国外転出時課税制度が7月1日から施行されるにあたり、国税庁は計46問のFAQを公表した。1億円以上の資産等を所有する居住者が、1)国外転出をする時 2)国外に居住する親族等へ資産を贈与する時 3)死亡し、相続・遺贈により非居住者の相続人・受遺者が資産を取得する時、のそれぞれにおいて詳細に解説している。

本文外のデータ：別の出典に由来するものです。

(** * The balance equations *)

Ltac decide_nat_tests :=
  repeat (match goal with
   | |- context [Nat.eqb ?a ?b] => destruct (Nat.eqb_spec a b)
   | |- context [Nat.leb ?a ?b] => destruct (Nat.leb_spec a b)
   end; cbn [andb orb] in *; try (exfalso; lia)).

Ltac align_indices x :=
  repeat match goal with |- context [x ?a ?j] => match goal with |- context [x ?b j] =>
     assert_fails (constr_eq a b); replace b with a by lia end end.

(* Each column of the transition matrix has at most six nonzero entries: the
   column sum is computed by exhibiting the summand as a list of point masses. *)
Ltac inflow_column x :=
  intros ? ?; unfold point_masses; cbn [fold_right fst snd]; unfold point_mass, trans;
  cbv zeta; decide_nat_tests; align_indices x; ring.

Ltac inflow_by l0 l1 x :=
  rewrite (sum_omega_point_masses _ _ _ l0 l1);
  [ unfold total_mass; cbn [fold_right fst snd]; ring
  | inflow_column x | inflow_column x
  | repeat constructor; cbn [fst]; lia | repeat constructor; cbn [fst]; lia ].

Section Balance.
Variables (p mub muv th : R) (N0 N1 : nat).
Hypothesis (hN0 : (2 <= N0)%nat) (hN1 : (N0 + 2 <= N1)%nat).
Hypothesis (hp : 0 < p < 1) (hmub : 0 < mub < 1) (hmuv : 0 < muv < 1) (hth : 0 < th < 1).
Local Notation sv := (s_nu p muv).
Local Notation sb := (s_b p mub).
Local Notation inflow x a b :=
  (sum_omega N0 N1 (fun n j => x n j * trans p mub muv th N0 N1 n j a b)).
(* There exists a computable function $f$ that maps every PRSPDL-formula to a variable-free PRSPDL-formula such that, for every PRSPDL-formula $\varphi$, $\varphi$ is valid over $\ast$-separated models if, and only if, $f(\varphi)$ is valid over $\ast$-separated models (i.e., PRSPDL over $\ast$-separated models embeds into its variable-free fragment).
   Context: Fix a countable set $\mathit{Var}=\{p_1,p_2,\ldots\}$ of propositional variables and a countable set $AP=\{a_1,a_2,\ldots\}$ of atomic program terms. PRSPDL formulas and program terms are defined simultaneously by $\varphi ::= p \mid \bot \mid (\varphi\rightarrow\varphi)\mid [\alpha]\varphi$ and $\alpha ::= a \mid r_1\mid r_2\mid s_1\mid s_2\mid \varphi? \mid (\alpha;\alpha)\mid(\alpha\,\|\,\alpha)\mid \alpha^*$ ($p\in\mathit{Var}$, $a\in AP$; $r_1,r_2,s_1,s_2$ are special program constants; there is no union operation on programs). A ($\ast$-separated) model is $\mathfrak{M}=(S,\{R_a\}_{a\in AP},\ast,V)$ with $S\neq\varnothing$, $R_a\subseteq S\times S$, $\ast:S\times S\to 2^S$ an arbitrary function, and $V:\mathit{Var}\to2^S$. Relations and satisfaction: $(s,t)\in R_{\psi?}$ iff $s=t$ and $\mathfrak{M},s\models\psi$; $R_{\alpha;\beta}$ is relational composition; $R_{\alpha^*}$ is the reflexive transitive closure of $R_\alpha$; $(s,t)\in R_{\alpha\|\beta}$ iff there are $x_1,y_1,x_2,y_2\in S$ with $s\in x_1\ast x_2$, $t\in y_1\ast y_2$, $(x_1,y_1)\in R_\alpha$, $(x_2,y_2)\in R_\beta$; $(s,t)\in R_{r_1}$ iff $s\in t\ast u$ for some $u$; $(s,t)\in R_{r_2}$ iff $s\in u\ast t$ for some $u$; $(s,t)\in R_{s_1}$ iff $t\in s\ast u$ for some $u$; $(s,t)\in R_{s_2}$ iff $t\in u\ast s$ for some $u$; $\mathfrak{M},s\models p$ iff $s\in V(p)$; $\bot$ is never true; $\rightarrow$ is classical; $\mathfrak{M},s\models[\alpha]\psi$ iff $\psi$ holds at all $R_\alpha$-successors of $s$. A formula is valid over $\ast$-separated models if true at every state of every such model. A formula is variable-free if it contains no propositional variables. *)

From Stdlib Require Import Arith List Relations.
Import ListNotations.

Inductive form : Type :=
| FVar : nat -> form
| FBot : form
| FImp : form -> form -> form
| FBox : prog -> form -> form
with prog : Type :=
| PAtom : nat -> prog
| Pr1 : prog
| Pr2 : prog
| Ps1 : prog
| Ps2 : prog
| PTest : form -> prog
| PSeq : prog -> prog -> prog
| PPar : prog -> prog -> prog
| PStar : prog -> prog.

Fixpoint var_free (f : form) : Prop :=
  match f with
  | FVar _ => False
  | FBot => True
  | FImp a b => var_free a /\ var_free b
  | FBox a g => var_free_prog a /\ var_free g
  end
with var_free_prog (a : prog) : Prop :=
  match a with
  | PAtom _ | Pr1 | Pr2 | Ps1 | Ps2 => True
  | PTest g => var_free g
  | PSeq a b | PPar a b => var_free_prog a /\ var_free_prog b
  | PStar a => var_free_prog a
  end.

Record model : Type := {
  st : Type;
  st_ne : inhabited st;
  Rat : nat -> st -> st -> Prop;
  mer : st -> st -> st -> Prop;           (* mer x y s  <->  s \in x * y *)
  val : nat -> st -> Prop
}.

Fixpoint sat (M : model) (f : form) (s : st M) : Prop :=
  match f with
  | FVar p => val M p s
  | FBot => False
  | FImp a b => sat M a s -> sat M b s
  | FBox a g => forall t, rel M a s t -> sat M g t
  end
with rel (M : model) (a : prog) (s t : st M) : Prop :=
  match a with
  | PAtom n => Rat M n s t
  | PTest g => s = t /\ sat M g s
  | PSeq a b => exists u, rel M a s u /\ rel M b u t
  | PStar a => clos_refl_trans (st M) (fun x y => rel M a x y) s t
  | PPar a b => exists x1 y1 x2 y2,
      mer M x1 x2 s /\ mer M y1 y2 t /\ rel M a x1 y1 /\ rel M b x2 y2
  | Pr1 => exists u, mer M t u s
  | Pr2 => exists u, mer M u t s
  | Ps1 => exists u, mer M s u t
  | Ps2 => exists u, mer M u s t
  end.

Definition valid (f : form) : Prop := forall (M : model) (s : st M), sat M f s.

Inductive recf : Type :=
| RZero : recf
| RSucc : recf
| RProj : nat -> recf
| RComp : recf -> list recf -> recf
| RPrec : recf -> recf -> recf
| RMu : recf -> recf.

Inductive eval : recf -> list nat -> nat -> Prop :=
| ev_zero args : eval RZero args 0
| ev_succ x args : eval RSucc (x :: args) (S x)
| ev_proj i args : i < length args -> eval (RProj i) args (nth i args 0)
| ev_comp g hs args ys y :
    evals hs args ys -> eval g ys y -> eval (RComp g hs) args y
| ev_prec0 g h rest y : eval g rest y -> eval (RPrec g h) (0 :: rest) y
| ev_precS g h n rest y z :
    eval (RPrec g h) (n :: rest) y -> eval h (n :: y :: rest) z ->
    eval (RPrec g h) (S n :: rest) z
| ev_mu g args n :
    eval g (n :: args) 0 ->
    (forall m, m < n -> exists k, eval g (m :: args) (S k)) ->
    eval (RMu g) args n
with evals : list recf -> list nat -> list nat -> Prop :=
| evs_nil args : evals [] args []
| evs_cons h hs args y ys :
    eval h args y -> evals hs args ys -> evals (h :: hs) args (y :: ys).

Definition cpair (n m : nat) : nat := (n + m) * (n + m + 1) / 2 + m.

Fixpoint code_form (f : form) : nat :=
  match f with
  | FVar p => cpair 0 p
  | FBot => cpair 1 0
  | FImp a b => cpair 2 (cpair (code_form a) (code_form b))
  | FBox a g => cpair 3 (cpair (code_prog a) (code_form g))
  end
with code_prog (a : prog) : nat :=
  match a with
  | PAtom n => cpair 0 n
  | Pr1 => cpair 1 0
  | Pr2 => cpair 2 0
  | Ps1 => cpair 3 0
  | Ps2 => cpair 4 0
  | PTest g => cpair 5 (code_form g)
  | PSeq a b => cpair 6 (cpair (code_prog a) (code_prog b))
  | PPar a b => cpair 7 (cpair (code_prog a) (code_prog b))
  | PStar a => cpair 8 (code_prog a)
  end.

特にきめ細かく取り上げているのが、納税猶予(5年又は10年)の特例について。1)~3)いずれにおいても、課税の対象となっている有価証券等の一部を猶予期間中に譲渡、決済又は贈与した場合は、その額に応じた所得税について利子税と併せて納付しなくてはならない。ただ、譲渡価額が国外転出、贈与又は相続の時の価額より下落している場合はその下落した額で譲渡したものとして、国外転出時課税の申告をした年分の所得税を減額できる。猶予期間の満了日において価額が下落していた場合も、同様に再計算が可能。また、1)で猶予期間中に転出先の国で対象資産の譲渡等により外国所得税との二重課税が生じた場合には、外国税額控除が適用される。
なお、猶予の適用されていた非居住者、贈与者又は相続人が死亡した際には、その相続人が猶予分の所得税の納付義務を承継することになる。